This dependence upon array length suggests the involvement of length-dependent formation of non-B form DNA secondary structures in replicating DNA. Evidence for such structures has come from studies showing that single-stranded triplet DNA can assume unusual structures (29-32). They can also form hairpin-like structures (33,34) as well as quadraplexes (35,36) or triplexes (37). Primer extension studies through triplet arrays also provide indirect evidence for unusual structures which might cause a block to replication (38,39). The formation of a dramatically stable triplet-specific structure above a certain length threshold might thus be occurring. Whilst it is not known how formation of such unusual structures during replication would lead to expansion, replication stalling might allow a window of opportunity for slipped strand mispairing in the newly synthesized leading strand or perhaps through slippage of an Okazaki fragment or the newly synthesized lagging strand (for a review see 40). Recently, in vivo replication studies on (CGG)n arrays have provided more direct evidence that unusual DNA structures in the lagging strand template lead to replication stalling (41).

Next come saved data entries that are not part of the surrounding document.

(* For each arrival $t\ge 1$ and each level $0\le i\le L^{(t)}+1$, we have $\mathscr{C}^{(t-1)}_{i}\preceq\mathscr{C}^{(t)}_{i}$.
   Context: An offline instance $(\mathcal{M},D)$ consists of demand pairs $D=\{(u_j,v_j)\}$ over a terminal set $V=\{u_j,v_j\}$, each terminal in exactly one pair (the other element of its pair is its mate), and a metric $\mathcal{M}$ on $V$ with all distances at least $1$, viewed as the complete graph on $V$ with edge costs equal to distances. A clustering of $V$ is a partition of $V$; for a clustering $\mathscr{C}$, $\mathcal{M}/\mathscr{C}$ denotes the shortest-path metric on $\mathscr{C}$ of the graph obtained from the complete weighted graph on $V$ by contracting each cluster into a single vertex. For clusterings $\mathscr{C}_1$ of $V_1$ and $\mathscr{C}_2$ of $V_2$, write $\mathscr{C}_1\preceq\mathscr{C}_2$ if every cluster of $\mathscr{C}_1$ is contained in some cluster of $\mathscr{C}_2$. Clustering procedure: ${\sf level}(v)=\lceil\log_2{\sf dist}_{\mathcal{M}}(v,\text{mate of }v)\rceil$, ${\sf level}(C)=\max_{v\in C}{\sf level}(v)$, $L=\max_{v\in V}{\sf level}(v)$. $\mathscr{C}_0$ is the clustering into singletons. For $i=0,\dots,L$: a cluster $C\in\mathscr{C}_i$ is $i$-active if ${\sf level}(C)\ge i$; $H_i$ is the graph whose vertices are the $i$-active clusters of $\mathscr{C}_i$, with an edge between distinct $C_1,C_2$ iff ${\sf dist}_{\mathcal{M}/\mathscr{C}_i}(C_1,C_2)<2^{i+1}$; $\mathscr{C}_{i+1}$ consists of all non-$i$-active clusters of $\mathscr{C}_i$ together with, for each connected component $Q$ of $H_i$, the union of the clusters in $Q$. Online setting: pairs $(u^{(1)},v^{(1)}),\dots,(u^{(n)},v^{(n)})$ arrive in order; for $1\le t\le n$ the instance $(\mathcal{M}^{(t)},D^{(t)})$ consists of the first $t$ pairs and the restriction of the metric to their terminals $V^{(t)}$. Running the procedure on it yields $L^{(t)}$, $\mathscr{C}^{(t)}_i$, $H^{(t)}_i$; for $i\ge L^{(t)}+1$ set $\mathscr{C}^{(t)}_i:=\mathscr{C}^{(t)}_{L^{(t)}+1}$ and $H^{(t)}_i$ empty. For $t=0$, $L^{(0)}=0$ and every $\mathscr{C}^{(0)}_i$ and $H^{(0)}_i$ is empty. *)

From HB Require Import structures.
From mathcomp Require Import all_boot all_order all_algebra.
From mathcomp Require Import boolp reals exp.
Set Implicit Arguments. Unset Strict Implicit. Unset Printing Implicit Defensive.
Import Order.TTheory GRing.Theory Num.Theory.
Local Open Scope ring_scope.

Section Clustering.
Variables (R : realType) (n : nat) (d : 'I_(2 * n) -> 'I_(2 * n) -> R).
Local Notation T := ('I_(2 * n)).

(* Terminals are encoded as 0,...,2n-1; the j-th arriving pair (j = 0..n-1)
   is (u^(j+1), v^(j+1)) = (2j, 2j+1).  The mate of 2j is 2j+1 and vice versa. *)
Definition mate_nat (k : nat) : nat := if odd k then k.-1 else k.+1.
Definition mate (x : T) : T := insubd x (mate_nat x).

Definition Vt (t : nat) : {set T} := [set x : T | (x < 2 * t)%N].

(* level(v) = ceil(log_2 dist(v, mate v)) (a nonnegative integer since dist >= 1) *)
Definition level (v : T) : nat :=
  `| Num.ceil (ln (d v (mate v)) / ln 2) |%N.
Definition clevel (C : {set T}) : nat := (\max_(v in C) level v)%N.
Definition Ltop (t : nat) : nat := (\max_(v in Vt t) level v)%N.

(* Contracted metric M/C: shortest-path distance between clusters in the graph
   obtained from the complete weighted graph on cover C by contracting each
   cluster.  A walk in the contracted graph is a sequence of original edges
   (x_1,y_1),...,(x_k,y_k) with x_1 in A, y_k in B, and y_j, x_(j+1) in a
   common cluster; its length is the sum of d x_j y_j. *)
Definition same_cluster (C : {set {set T}}) (x y : T) : Prop :=
  exists2 X, X \in C & (x \in X) && (y \in X).

Definition cwalk (C : {set {set T}}) (A B : {set T}) (s : seq (T * T)) : Prop :=
  match s with
  | [::] => A = B
  | e :: _ =>
      [/\ e.1 \in A, (last e s).2 \in B,
          (forall j, (j.+1 < size s)%N ->
                     same_cluster C (nth e s j).2 (nth e s j.+1).1) &
          (forall x, x \in s -> (x.1 \in cover C) && (x.2 \in cover C))]
  end.

Definition cdist_lt (C : {set {set T}}) (A B : {set T}) (r : R) : Prop :=
  exists2 s, cwalk C A B s & \sum_(e <- s) d e.1 e.2 < r.

Definition active (i : nat) (C : {set {set T}}) : {set {set T}} :=
  [set X in C | (i <= clevel X)%N].

Definition Hedge (i : nat) (C : {set {set T}}) : rel {set T} :=
  fun X Y => [&& X \in active i C, Y \in active i C, X != Y &
                 `[< cdist_lt C X Y (2 ^+ i.+1) >] ].

Definition step (i : nat) (C : {set {set T}}) : {set {set T}} :=
  [set X in C | ~~ (i <= clevel X)%N] :|:
  [set (\bigcup_(Y | connect (Hedge i C) X Y) Y) | X in active i C].

(* C^(t)_i, with C^(t)_i := C^(t)_(L^(t)+1) for i >= L^(t)+1. *)
Fixpoint clust (t i : nat) : {set {set T}} :=
  match i with
  | 0 => [set [set x] | x in Vt t]
  | i'.+1 => if (i' <= Ltop t)%N then step i' (clust t i') else clust t i'
  end.

End Clustering.

Definition refines (T : finType) (C1 C2 : {set {set T}}) : Prop :=
  forall X, X \in C1 -> exists2 Y, Y \in C2 & X \subset Y.

(* Adding a pair only adds singleton clusters, and refinement is preserved by
   a step of the procedure: if every cluster of P lies in a cluster of Q, then
   the active clusters of P lie in active clusters of Q (levels only grow),
   and a walk of length < r in M/P is also a walk in M/Q, so every edge of
   H_i(P) maps to an edge (or a loop) of H_i(Q); hence each merged component
   of P lies in a merged component of Q.  At the levels where only the larger
   instance still performs a step, that step merely coarsens.  By induction on
   i, the clusterings are monotone in t. *)
From HB Require Import structures.
From mathcomp Require Import all_boot all_order all_algebra.
From mathcomp Require Import boolp reals exp.
Set Implicit Arguments. Unset Strict Implicit. Unset Printing Implicit Defensive.
Import Order.TTheory GRing.Theory Num.Theory.
Local Open Scope ring_scope.

Section Refinement.
Variable T : finType.
Implicit Types (P Q : {set {set T}}) (X : {set T}).

Lemma refines_trans P Q (S : {set {set T}}) :
  refines P Q -> refines Q S -> refines P S.
Proof.
move=> hPQ hQS X /hPQ [Y /hQS [Z ZS sYZ] sXY]; exists Z => //.
exact: subset_trans sXY sYZ.
Qed.

Lemma refines_cover P Q : refines P Q -> cover P \subset cover Q.
Proof.
move=> hPQ; apply/subsetP => x /bigcupP [X XP xX].
have [Y YQ sXY] := hPQ X XP.
by apply/bigcupP; exists Y => //; apply: (subsetP sXY).
Qed.

Definition lift_cluster Q X : {set T} := odflt X [pick Y in Q | X \subset Y].

Lemma lift_clusterP P Q X :
  refines P Q -> X \in P -> lift_cluster Q X \in Q /\ X \subset lift_cluster Q X.
Proof.
move=> hPQ XP; rewrite /lift_cluster; case: pickP => [Y /andP[-> ->] //|none].
by have [Y YQ sXY] := hPQ X XP; move: (none Y); rewrite YQ sXY.
Qed.

End Refinement.

Lemma connect_homo (T U : finType) (e : rel T) (e' : rel U) (f : T -> U) :
  (forall x y, e x y -> connect e' (f x) (f y)) ->
  forall x y, connect e x y -> connect e' (f x) (f y).
Proof.
move=> hf x _ /connectP [p ep ->]; elim: p x ep => //= y p IHp x /andP[exy].
by move/IHp; apply: connect_trans; apply: hf.
Qed.

Section Clustering.
Variables (R : realType) (n : nat) (d : 'I_(2 * n) -> 'I_(2 * n) -> R).
Local Notation T := ('I_(2 * n)).
Implicit Types (P Q C : {set {set T}}) (X Y : {set T}).

Lemma clevelS X Y : X \subset Y -> (clevel d X <= clevel d Y)%N.
Proof.
move=> sXY; apply/bigmax_leqP => v vX; apply: leq_bigmax_cond.
exact: (subsetP sXY).
Qed.

Lemma active_refines i P Q X Y :
  X \in active d i P -> Y \in Q -> X \subset Y -> Y \in active d i Q.
Proof.
rewrite !inE => /andP[_ hX] -> sXY /=.
exact: leq_trans hX (clevelS sXY).
Qed.

Lemma connect_Hedge_active i C X Y :
  X \in active d i C -> connect (Hedge d i C) X Y -> Y \in active d i C.
Proof.
move=> XA /connectP [p hp ->]; elim: p X XA hp => //= Z p IHp X _ /andP[hXZ].
by apply: IHp; case/and4P: hXZ.
Qed.

Lemma cdist_lt_refines P Q X X' Y Y' r :
  refines P Q -> X \subset X' -> Y \subset Y' -> X != Y ->
  cdist_lt d P X Y r -> cdist_lt d Q X' Y' r.
Proof.
move=> hPQ sX sY neXY [[|e s] /= hw hs]; first by rewrite hw eqxx in neXY.
exists (e :: s) => //; case: hw => hX hY hnext hcov; split.
- exact: (subsetP sX).
- exact: (subsetP sY).
- move=> j /hnext [Z ZP /andP[a b]].
  have [W WQ sZW] := hPQ Z ZP; exists W => //.
  by rewrite !(subsetP sZW).
- move=> x /hcov /andP[a b].
  by rewrite !(subsetP (refines_cover hPQ)).
Qed.

Lemma Hedge_lift i P Q X Y : refines P Q -> Hedge d i P X Y ->
  connect (Hedge d i Q) (lift_cluster Q X) (lift_cluster Q Y).
Proof.
move=> hPQ /and4P[XA YA neXY /asboolP hXY].
have [XQ sX] := lift_clusterP hPQ (setIdP XA).1.
have [YQ sY] := lift_clusterP hPQ (setIdP YA).1.
have [-> //|ne] := eqVneq (lift_cluster Q X) (lift_cluster Q Y).
apply: connect1; apply/and4P; split => //.
- exact: active_refines XA XQ sX.
- exact: active_refines YA YQ sY.
- by apply/asboolP; apply: cdist_lt_refines hXY.
Qed.

Lemma merged_in_step i C X :
  X \in active d i C ->
  \bigcup_(Y | connect (Hedge d i C) X Y) Y \in step d i C.
Proof. by move=> XA; apply/setUP; right; apply/imsetP; exists X. Qed.

Lemma refines_step i C : refines C (step d i C).
Proof.
move=> X XC; case: (boolP (i <= clevel d X)%N) => hl.
- exists (\bigcup_(Y | connect (Hedge d i C) X Y) Y).
    by apply: merged_in_step; rewrite inE XC hl.
  exact: (bigcup_max X (connect0 _ _)).
- by exists X => //; apply/setUP; left; rewrite inE XC hl.
Qed.

Lemma step_mono i P Q : refines P Q -> refines (step d i P) (step d i Q).
Proof.
move=> hPQ X /setUP [/setIdP [XP _]|/imsetP [X0 X0A ->]].
  have [Y YQ sXY] := hPQ X XP.
  have [Z ZS sYZ] := refines_step i YQ.
  by exists Z => //; apply: subset_trans sXY sYZ.
have [X0Q sX0] := lift_clusterP hPQ (setIdP X0A).1.
exists (\bigcup_(Y | connect (Hedge d i Q) (lift_cluster Q X0) Y) Y).
  exact/merged_in_step/(active_refines X0A X0Q sX0).
apply/bigcupsP => Y hY.
have YP := (setIdP (connect_Hedge_active X0A hY)).1.
have [_ sY] := lift_clusterP hPQ YP.
apply: (bigcup_max (lift_cluster Q Y)) sY.
by apply: connect_homo hY => Y1 Y2; apply: Hedge_lift.
Qed.

Lemma subset_Vt s t : (s <= t)%N -> Vt n s \subset Vt n t.
Proof.
move=> hst; apply/subsetP => x; rewrite !inE => h; apply: leq_trans h _.
by rewrite leq_mul2l hst orbT.
Qed.

Lemma leq_Ltop s t : (s <= t)%N -> (Ltop d s <= Ltop d t)%N.
Proof.
move=> hst; apply/bigmax_leqP => v vs; apply: leq_bigmax_cond.
exact: (subsetP (subset_Vt hst)).
Qed.

Lemma clust_mono s t i : (s <= t)%N -> refines (clust d s i) (clust d t i).
Proof.
move=> hst; elim: i => [|i IH] /=.
  move=> _ /imsetP [x xV ->]; exists [set x] => //; apply/imsetP; exists x => //.
  exact: (subsetP (subset_Vt hst)).
case: ifP => hs; case: ifP => ht.
- exact: step_mono.
- by rewrite (leq_trans hs (leq_Ltop hst)) in ht.
- exact: refines_trans IH (refines_step i (C := clust d t i)).
- exact: IH.
Qed.

End Clustering.

Theorem lemma4p2 (R : realType) (n : nat) (d : 'I_(2 * n) -> 'I_(2 * n) -> R)
  (d_refl : forall x, d x x = 0)
  (d_sym : forall x y, d x y = d y x)
  (d_tri : forall x y z, d x z <= d x y + d y z)
  (d_ge1 : forall x y, x != y -> 1 <= d x y)
  (t i : nat) (ht1 : (1 <= t)%N) (htn : (t <= n)%N)
  (hi : (i <= Ltop d t + 1)%N) :
  refines (clust d (t - 1) i) (clust d t i).
Proof. exact: clust_mono (leq_subr 1 t). Qed.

As a first step toward a model system in which fragile X-associated triplet array stability can be studied we have established a range of cloned human FMR1 arrays in bacteria. Unlike previous studies, these include FMR1 flanking DNA and incorporate a wide range of interrupted repeat structures found in the human population, so that subsequent comparative instability studies can be performed.

MATERIALS AND METHODS

PCR amplification of FMR1 arrays

PCR amplification was carried out on genomic DNA from selected individuals with known FMR1 array structures as described previously (17). Amplification conditions were as follows: an initial denaturation at 98°C for 5 min was followed by 35 cycles of 98°C for 30 s and 70°C for 10 min. Each 20 µl reaction contained 20 mM Tris-HCl, pH 8.8, 10 mM KCl, 1.5 mM MgCl2, 10 µM (NH4)2SO4, 0.1% Triton, 100 µg/ml BSA, 0.5 µM each oligonucleotide (721 and 723), 320 µM each dNTP, 5% DMSO and 1 U native Pfu polymerase (Stratagene). Products were purified through 2% LMP agarose and isolated after Gelase solubilization (Epicenter Technologies) with Wizard PCR Prep reagents (Promega Corp.). For FMR1 alleles longer than 50 repeats the concentration of DMSO was increased to 10%, which gives an increased yield of full-length product. All oligonucleotide sequences and their positions within the FMR1 gene are taken from the HSFXDNA deposition in Genbank. Primers used were 721 (5[prime]-AGCCCCGCACTTCCACCACCAGCTCCTCCA, complementary to 2617-2647) and 723 (5[prime]-TTCACTTCCGGTGGAGGGCCGCCTCTGAGC, 2876-2838).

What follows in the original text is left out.